注意哈，在getSum()函数中，别忘了返回当前求得的和，如果这个忘写了，那么返回的就是None.

Python解法如下：

# Definition for a binary tree node.
# class TreeNode(object):
#     def __init__(self, x):
#         self.val = x
#         self.left = None
#         self.right = None

class Solution(object):
    def findFrequentTreeSum(self, root):
        """
        :type root: TreeNode
        :rtype: List[int]
        """
        if not root: return []
        vals = []
        def getSum(root):
            if not root:
                return 0
            s = getSum(root.left) + root.val + getSum(root.right)
            vals.append(s)
            # 别忘了返回s
            return s
        getSum(root)
        count = collections.Counter(vals)
        frequent = max(count.values())
        return [x for x, v in count.items() if v == frequent]

二刷的思路是这样的，对于每个节点都去一个函数求和，然后用dfs遍历每个节点。
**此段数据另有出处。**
Lemma domprojC_mul_pinv : (1%:M - Ad *m A) *m Ad = 0.
Proof. by case: pinvA => _ AdAAd _ _; rewrite mulmxBl mul1mx AdAAd subrr. Qed.

Lemma domprojC_mul_ctrmx : (1%:M - Ad *m A) *m ctrmx A = 0.
Proof.
case: pinvA => AAdA _ _ sAdA.
by rewrite mulmxBl mul1mx -sAdA -ctrmxM mulmxA AAdA subrr.
Qed.

Lemma ctrmx_mul_ctrmx_pinv : ctrmx A *m (ctrmx Ad *m Ad) = Ad.
Proof. by case: pinvA => _ AdAAd _ sAdA; rewrite mulmxA -ctrmxM sAdA AdAAd. Qed.

Lemma pinv_mul_ctrmx_pinv : Ad *m (ctrmx Ad *m ctrmx A) = Ad.
Proof. by case: pinvA => _ AdAAd sAAd _; rewrite -ctrmxM sAAd mulmxA AdAAd. Qed.

End PseudoInverse.

Section PseudoInverseDifference.
Variables (m n : nat) (A B : 'M[Cc]_(m, n)) (Ad Bd : 'M[Cc]_(n, m)).
Hypotheses (pinvA : is_pinv A Ad) (pinvB : is_pinv B Bd).

Lemma pinv_sub_blockUL : Bd *m B *m (Bd - Ad) *m (A *m Ad) = - (Bd *m (B - A) *m Ad).
Proof.
have [_ BdBBd _ _] := pinvB.
rewrite mulmxBr mulmxBl BdBBd -(mulmxA _ Ad) (pinv_mul_rangeproj pinvA).
by rewrite mulmxBr mulmxBl mulmxA opprB.
Qed.

Lemma pinv_sub_blockUR : Bd *m B *m (Bd - Ad) *m (1%:M - A *m Ad) =
  Bd *m (ctrmx Bd *m (ctrmx (B - A) *m (1%:M - A *m Ad))).
Proof.
have [_ BdBBd _ _] := pinvB.
rewrite (mulmxBr (Bd *m B)) mulmxBl BdBBd -(mulmxA _ Ad) (pinv_mul_rangeprojC pinvA).
rewrite mulmx0 subr0 ctrmxB mulmxBl (ctrmx_mul_rangeprojC pinvA) subr0.
by rewrite !mulmxA -(mulmxA Bd) (pinv_mul_ctrmx_pinv pinvB).
Qed.

Lemma pinv_sub_blockDL : (1%:M - Bd *m B) *m (Bd - Ad) *m (A *m Ad) =
  ctrmx (ctrmx Ad *m (Ad *m ((B - A) *m (1%:M - Bd *m B)))).
Proof.
have [sQ' _] := orthoprojC (pinv_orthoproj_domain pinvB).
rewrite mulmxBr (domprojC_mul_pinv pinvB) sub0r mulNmx -mulmxA (pinv_mul_rangeproj pinvA).
rewrite !ctrmxM ctrmxK sQ' ctrmxB mulmxBr (domprojC_mul_ctrmx pinvB) sub0r !mulNmx.
by rewrite -!mulmxA (ctrmx_mul_ctrmx_pinv pinvA).
Qed.

Lemma pinv_sub_blockDR : (1%:M - Bd *m B) *m (Bd - Ad) *m (1%:M - A *m Ad) = 0.
Proof.
rewrite (mulmxBr (1%:M - _)) (domprojC_mul_pinv pinvB) sub0r mulNmx -mulmxA.
by rewrite (pinv_mul_rangeprojC pinvA) mulmx0 oppr0.
Qed.

Lemma frob2_pinv_sub :
  frob (Bd - Ad) ^+ 2 = frob (Bd *m (B - A) *m Ad) ^+ 2
    + frob (Bd *m (ctrmx Bd *m (ctrmx (B - A) *m (1%:M - A *m Ad)))) ^+ 2
    + frob (ctrmx Ad *m (Ad *m ((B - A) *m (1%:M - Bd *m B)))) ^+ 2.
Proof.
have oP := pinv_orthoproj_range pinvA.
apply: etrans (frob2_orthoprojl _ (pinv_orthoproj_domain pinvB)) _; congr (_ + _).
  apply: etrans (frob2_orthoprojr _ oP) _.
  by rewrite pinv_sub_blockUL pinv_sub_blockUR frobN.
apply: etrans (frob2_orthoprojr _ oP) _.
by rewrite pinv_sub_blockDL pinv_sub_blockDR frob0 expr0n addr0 frob2_ctrmx.
Qed.

Lemma frob2_pinv_sub_le :
  frob (Bd - Ad) ^+ 2 <=
    specnorm Ad ^+ 4 * (frob (B - A) ^+ 2 - frob ((B - A) *m Bd *m B) ^+ 2)
    + specnorm Bd ^+ 4 * (frob (B - A) ^+ 2 - frob (A *m Ad *m (B - A)) ^+ 2)
    + frob (Bd *m (B - A) *m Ad) ^+ 2.
Proof.
have oP := pinv_orthoproj_range pinvA; have [sP' _] := orthoprojC oP.
have oQ := pinv_orthoproj_domain pinvB.
rewrite frob2_pinv_sub -addrA addrC lerD2r addrC; apply: lerD.
  have -> : frob (B - A) ^+ 2 - frob ((B - A) *m Bd *m B) ^+ 2
      = frob ((B - A) *m (1%:M - Bd *m B)) ^+ 2.
    by rewrite (frob2_orthoprojr (B - A) oQ) mulmxA addrC addKr.
  exact: frob2_gram_mul_le.
have -> : frob (B - A) ^+ 2 - frob (A *m Ad *m (B - A)) ^+ 2
    = frob (ctrmx (B - A) *m (1%:M - A *m Ad)) ^+ 2.
  rewrite -(frob2_ctrmx (ctrmx _ *m _)) ctrmxM ctrmxK sP'.
  by rewrite (frob2_orthoprojl (B - A) oP) addrC addKr.
exact: frob2_mul_gram_le.
Qed.

End PseudoInverseDifference.

Unset Implicit Arguments.
(* Let $C\subset\mathbb R^3$ be a non-closed embedded curve of length $l>0$ with nowhere vanishing curvature and orientation-compatible arc-length parametrization $\mathbf c:[-l/2,l/2]\to\mathbb R^3$, and suppose $C$ does not lie in any plane. Let $F\in\mathcal D_*(C)$ be a normal form with $F(s,0)=\mathbf c(s)$. Then $F(\Omega_\epsilon)$ is congruent to $F_*(\Omega_\epsilon)$ for sufficiently small $\epsilon>0$ if and only if $C$ has a positive symmetry.
   Context: $-C$ is $C$ with the opposite orientation; $\kappa$ is the curvature of $\mathbf c$; $\Omega_\epsilon=[-l/2,l/2]\times(-\epsilon,\epsilon)$. ''$F(\Omega_\epsilon)$ congruent to $G(\Omega_\epsilon)$ for sufficiently small $\epsilon$'' means there exist an isometry $T$ of $\mathbb R^3$ and $\epsilon_0>0$ with $T(F(\Omega_\epsilon))=G(\Omega_\epsilon)$ for all $0<\epsilon<\epsilon_0$. A developable strip along $C$ is the germ of a $C^\infty$ embedding $f(u,v)=f(u,0)+v\,\xi_f(u)$ with $\mathbf c_f(u)=f(u,0)$ parametrizing $C$, $\xi_f$ unit, and zero Gaussian curvature; with the Frenet frame $(\mathbf e,\mathbf n,\mathbf b)$ of $\mathbf c_f$ write $\xi_f=\cos\beta_f\,\mathbf e+\sin\beta_f(\cos\alpha_f\,\mathbf n+\sin\alpha_f\,\mathbf b)$. $\mathcal D(C)$: strips with $\mathbf c_f$ inducing the orientation of $C$ and $0<|\cos\alpha_f|<1$, normalized by $0<|\alpha_f|<\pi/2$ (first angular function), $0<\beta_f<\pi$. Geodesic curvature $\mu_f=\kappa_f\cos\alpha_f$; admissible ($\in\mathcal D_*(C)$) if $\mu_f<\min\kappa_f$ everywhere. A normal form is such a strip $F(s,v)$ defined near $[-l/2,l/2]\times\{0\}$ with $s\mapsto F(s,0)$ an arc-length parametrization of $C$ (either orientation); it is determined by that parametrization and its first angular function. Inverse: $F_*\in\mathcal D_*(-C)$ is the normal form with $F_*(s,0)=\mathbf c(-s)$ whose first angular function (w.r.t. the Frenet frame of $s\mapsto\mathbf c(-s)$) has the same sign as $\alpha_F(s)$ and satisfies $\kappa(-s)\cos\alpha_{F_*}(s)=\kappa(s)\cos\alpha_F(s)$. A positive symmetry of $C$ is an orientation-preserving isometry $T\ne\mathrm{id}$ of $\mathbb R^3$ with $T(C)=C$. *)

From Stdlib Require Import Reals List.
From Coquelicot Require Import Coquelicot.
Open Scope R_scope.

Definition vec := (R * R * R)%type.
Definition mkv (x y z : R) : vec := (x, y, z).
Definition vx (p : vec) : R := fst (fst p).
Definition vy (p : vec) : R := snd (fst p).
Definition vz (p : vec) : R := snd p.
Definition vadd (p q : vec) : vec := mkv (vx p + vx q) (vy p + vy q) (vz p + vz q).
Definition vsub (p q : vec) : vec := mkv (vx p - vx q) (vy p - vy q) (vz p - vz q).
Definition vscale (a : R) (p : vec) : vec := mkv (a * vx p) (a * vy p) (a * vz p).
Definition dot (p q : vec) : R := vx p * vx q + vy p * vy q + vz p * vz q.
Definition cross (p q : vec) : vec :=
  mkv (vy p * vz q - vz p * vy q) (vz p * vx q - vx p * vz q) (vx p * vy q - vy p * vx q).
Definition vnorm (p : vec) : R := sqrt (dot p p).
Definition vdist (p q : vec) : R := vnorm (vsub p q).
Definition det3 (a b c : vec) : R := dot (cross a b) c.
Definition vzero : vec := mkv 0 0 0.
Definition e1 : vec := mkv 1 0 0.
Definition e2 : vec := mkv 0 1 0.
Definition e3 : vec := mkv 0 0 1.

Definition vderive (f : R -> vec) (t : R) : vec :=
  mkv (Derive (fun s => vx (f s)) t) (Derive (fun s => vy (f s)) t)
      (Derive (fun s => vz (f s)) t).

Definition open1 (U : R -> Prop) : Prop :=
  forall x, U x -> exists e, 0 < e /\ forall y, Rabs (y - x) < e -> U y.
Definition open2 (U : R -> R -> Prop) : Prop :=
  forall u v, U u v -> exists e, 0 < e /\
    forall u' v', Rabs (u' - u) < e -> Rabs (v' - v) < e -> U u' v'.

Definition smooth1_on (U : R -> Prop) (g : R -> R) : Prop :=
  open1 U /\ forall n x, U x -> ex_derive_n g n x.
Definition vsmooth1_on (U : R -> Prop) (f : R -> vec) : Prop :=
  smooth1_on U (fun s => vx (f s)) /\ smooth1_on U (fun s => vy (f s)) /\
  smooth1_on U (fun s => vz (f s)).

(** iterated partial derivatives of g : R -> R -> R ; true = d/du, false = d/dv *)
Fixpoint pd (l : list bool) (g : R -> R -> R) : R -> R -> R :=
  match l with
  | nil => g
  | b :: l' => if b then (fun u v => Derive (fun t => pd l' g t v) u)
               else (fun u v => Derive (fun t => pd l' g u t) v)
  end.

Definition smooth2_on (U : R -> R -> Prop) (g : R -> R -> R) : Prop :=
  open2 U /\ forall (l : list bool) u v, U u v ->
    ex_derive (fun t => pd l g t v) u /\ ex_derive (fun t => pd l g u t) v /\
    continuous (fun p : R * R => pd l g (fst p) (snd p)) (u, v).
Definition vsmooth2_on (U : R -> R -> Prop) (F : R -> R -> vec) : Prop :=
  smooth2_on U (fun u v => vx (F u v)) /\ smooth2_on U (fun u v => vy (F u v)) /\
  smooth2_on U (fun u v => vz (F u v)).

Definition pu (F : R -> R -> vec) : R -> R -> vec := fun u v => vderive (fun t => F t v) u.
Definition pv (F : R -> R -> vec) : R -> R -> vec := fun u v => vderive (fun t => F u t) v.

Definition gauss_curv (F : R -> R -> vec) (u v : R) : R :=
  let fu := pu F u v in let fv := pv F u v in
  let nu := vscale (/ vnorm (cross fu fv)) (cross fu fv) in
  let E := dot fu fu in let Fc := dot fu fv in let G := dot fv fv in
  let L := dot (pu (pu F) u v) nu in
  let M := dot (pv (pu F) u v) nu in
  let N := dot (pv (pv F) u v) nu in
  (L * N - M * M) / (E * G - Fc * Fc).

Definition tangent (g : R -> vec) (s : R) : vec := vderive g s.
Definition curv (g : R -> vec) (s : R) : R := vnorm (vderive (vderive g) s).
Definition pnormal (g : R -> vec) (s : R) : vec :=
  vscale (/ curv g s) (vderive (vderive g) s).
Definition binormal (g : R -> vec) (s : R) : vec := cross (tangent g s) (pnormal g s).

Definition Iv (l s : R) : Prop := - (l / 2) <= s <= l / 2.
Definition Omega (l eps : R) (s v : R) : Prop := Iv l s /\ - eps < v < eps.

(** The germ is represented by a total function together with an
    open neighbourhood U of [-l/2,l/2] x {0} on which these properties hold;
    "embedding" = injective immersion on U (equivalent for germs along a
    compact set). *)
Definition normal_form_strip (l : R) (g : R -> vec) (F : R -> R -> vec) : Prop :=
  exists (U : R -> R -> Prop) (xi : R -> vec),
    open2 U /\ (forall s, Iv l s -> U s 0) /\
    vsmooth2_on U F /\
    (forall s v, U s v -> cross (pu F s v) (pv F s v) <> vzero) /\
    (forall s v s' v', U s v -> U s' v' -> F s v = F s' v' -> s = s' /\ v = v') /\
    (forall s v, U s v -> F s v = vadd (g s) (vscale v (xi s))) /\
    (forall s v, U s v -> vnorm (xi s) = 1) /\
    (forall s v, U s v -> gauss_curv F s v = 0).

Definition first_angular (l : R) (g : R -> vec) (F : R -> R -> vec) (alpha : R -> R) : Prop :=
  exists beta : R -> R, forall s, Iv l s ->
    0 < Rabs (alpha s) < PI / 2 /\ 0 < beta s < PI /\
    pv F s 0 = vadd (vscale (cos (beta s)) (tangent g s))
                    (vscale (sin (beta s))
                       (vadd (vscale (cos (alpha s)) (pnormal g s))
                             (vscale (sin (alpha s)) (binormal g s)))).

(** F is a normal form in D_*: admissible, i.e. the geodesic curvature
    mu = kappa cos alpha is < min kappa everywhere on [-l/2,l/2]. *)
Definition in_Dstar_normal (l : R) (g : R -> vec) (F : R -> R -> vec) (alpha : R -> R) : Prop :=
  normal_form_strip l g F /\ first_angular l g F alpha /\
  (forall s t, Iv l s -> Iv l t -> curv g s * cos (alpha s) < curv g t).

Definition good_curve (l : R) (c : R -> vec) : Prop :=
  0 < l /\
  (exists U, (forall s, Iv l s -> U s) /\ vsmooth1_on U c) /\
  (forall s, Iv l s -> vnorm (vderive c s) = 1) /\
  (forall s t, Iv l s -> Iv l t -> c s = c t -> s = t) /\
  (forall s, Iv l s -> 0 < curv c s) /\
  ~ (exists (m : vec) (d : R), m <> vzero /\ forall s, Iv l s -> dot m (c s) = d).

Definition isometry (T : vec -> vec) : Prop := forall p q, vdist (T p) (T q) = vdist p q.
Definition orientation_preserving (T : vec -> vec) : Prop :=
  0 < det3 (vsub (T e1) (T vzero)) (vsub (T e2) (T vzero)) (vsub (T e3) (T vzero)).

Definition congruent_small (l : R) (F G : R -> R -> vec) : Prop :=
  exists (T : vec -> vec) (eps0 : R), isometry T /\ 0 < eps0 /\
    forall eps, 0 < eps < eps0 ->
      forall p : vec,
        (exists s v, Omega l eps s v /\ p = T (F s v)) <->
        (exists s v, Omega l eps s v /\ p = G s v).

Definition positive_symmetry (l : R) (c : R -> vec) (T : vec -> vec) : Prop :=
  isometry T /\ orientation_preserving T /\ (exists p, T p <> p) /\
  (forall s, Iv l s -> exists t, Iv l t /\ T (c s) = c t) /\
  (forall t, Iv l t -> exists s, Iv l s /\ T (c s) = c t).

(* A congruence [T] with [T (F Omega_eps) = F_* Omega_eps] for all small [eps] maps [C]
   into itself: [T (c s)] lies within [eps] of [C] for every [eps].  An orthogonal
   affine map sending the arc-length parametrized curve [C] into itself acts on the
   parameter as [s |-> +-s], because the induced reparametrization [psi] has
   derivative [c' (psi s) . A c' s], of square 1 and continuous, hence constant.  If it
   is [s |-> s], [T] fixes the non-planar curve [C] pointwise, so [T = id]; otherwise
   [T] reverses [C].  The image under [T] of the ruling of [F] at [c 0] lies in the
   tangent plane of [F_*] there; in the Frenet frame this reads
   [sin alpha_* cos alpha +- cos alpha_* sin alpha = 0], which, [alpha] and [alpha_*]
   having the same sign, forces [T] to reverse [C] and preserve orientation.
   Conversely, a positive symmetry reverses [C], so [T o F] and [F_*] are developable
   strips along [-C] with the same first angular function (by the curvature
   condition).  The ruling of [F_*] lies in the plane of [-c'] and of the ruling of
   [T o F]; differentiating this decomposition, developability of both strips kills
   the [-c'] component, so the rulings and the strips agree. *)

From Stdlib Require Import Reals Lra Psatz ClassicalEpsilon Classical.
From Coquelicot Require Import Coquelicot.
Open Scope R_scope.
这样说来，时间复杂度略高。

统计出每个节点的和之后，需要用字典统计。

第一版代码C++如下：

/**
 * Definition for a binary tree node.
 * struct TreeNode {
 *     int val;
 *     TreeNode *left;
 *     TreeNode *right;
 *     TreeNode(int x) : val(x), left(NULL), right(NULL) {}
 * };
 */
class Solution {
public:
    vector<int> findFrequentTreeSum(TreeNode* root) {
        dfs(root);
        map<int, int> d;
        int most_common = 0;
        for (int s : sums) {
            d[s] ++;
            most_common = max(most_common, d[s]);
        }
        vector<int> res;
        for (auto p : d){
            if (p.second == most_common)
                res.push_back(p.first);
        }
        return res;
    }
private:
    vector<int> sums;
    void dfs(TreeNode* root) {
        if (!root) return;
        dfs(root->left);
        sums.push_back(getSum(root));
        dfs(root->right);
    }
    int getSum(TreeNode* root) {
        if (!root) return 0;
        int l = getSum(root->left);
        int r = getSum(root->right);
        return root->val + l + r;
    }
};

然后稍加思索就发现，遍历了两次，所以可以把两个函数只保留一个，代码如下：

/**
 * Definition for a binary tree node.
 * struct TreeNode {
 *     int val;
 *     TreeNode *left;
 *     TreeNode *right;
 *     TreeNode(int x) : val(x), left(NULL), right(NULL) {}
 * };
 */
class Solution {
public:
    vector<int> findFrequentTreeSum(TreeNode* root) {
        getSum(root);
        vector<int> res;
        for (auto p : d)
            if (p.second == most_common)
                res.push_back(p.first);
        return res;
    }
private:
    vector<int> sums;
    int most_common = 0;
    map<int, int> d;
    int getSum(TreeNode* root) {
        if (!root) return 0;
        int l = getSum(root->left);
        int r = getSum(root->right);
        int s = root->val + l + r;
        sums.push_back(s);
        d[s]++;
        most_common = max(most_common, d[s]);
        return s;
    }
};

日期

2018 年 3 月 4 日 2018 年 12 月 13 日 —— 时间匆匆，如何才能提高时间利用率？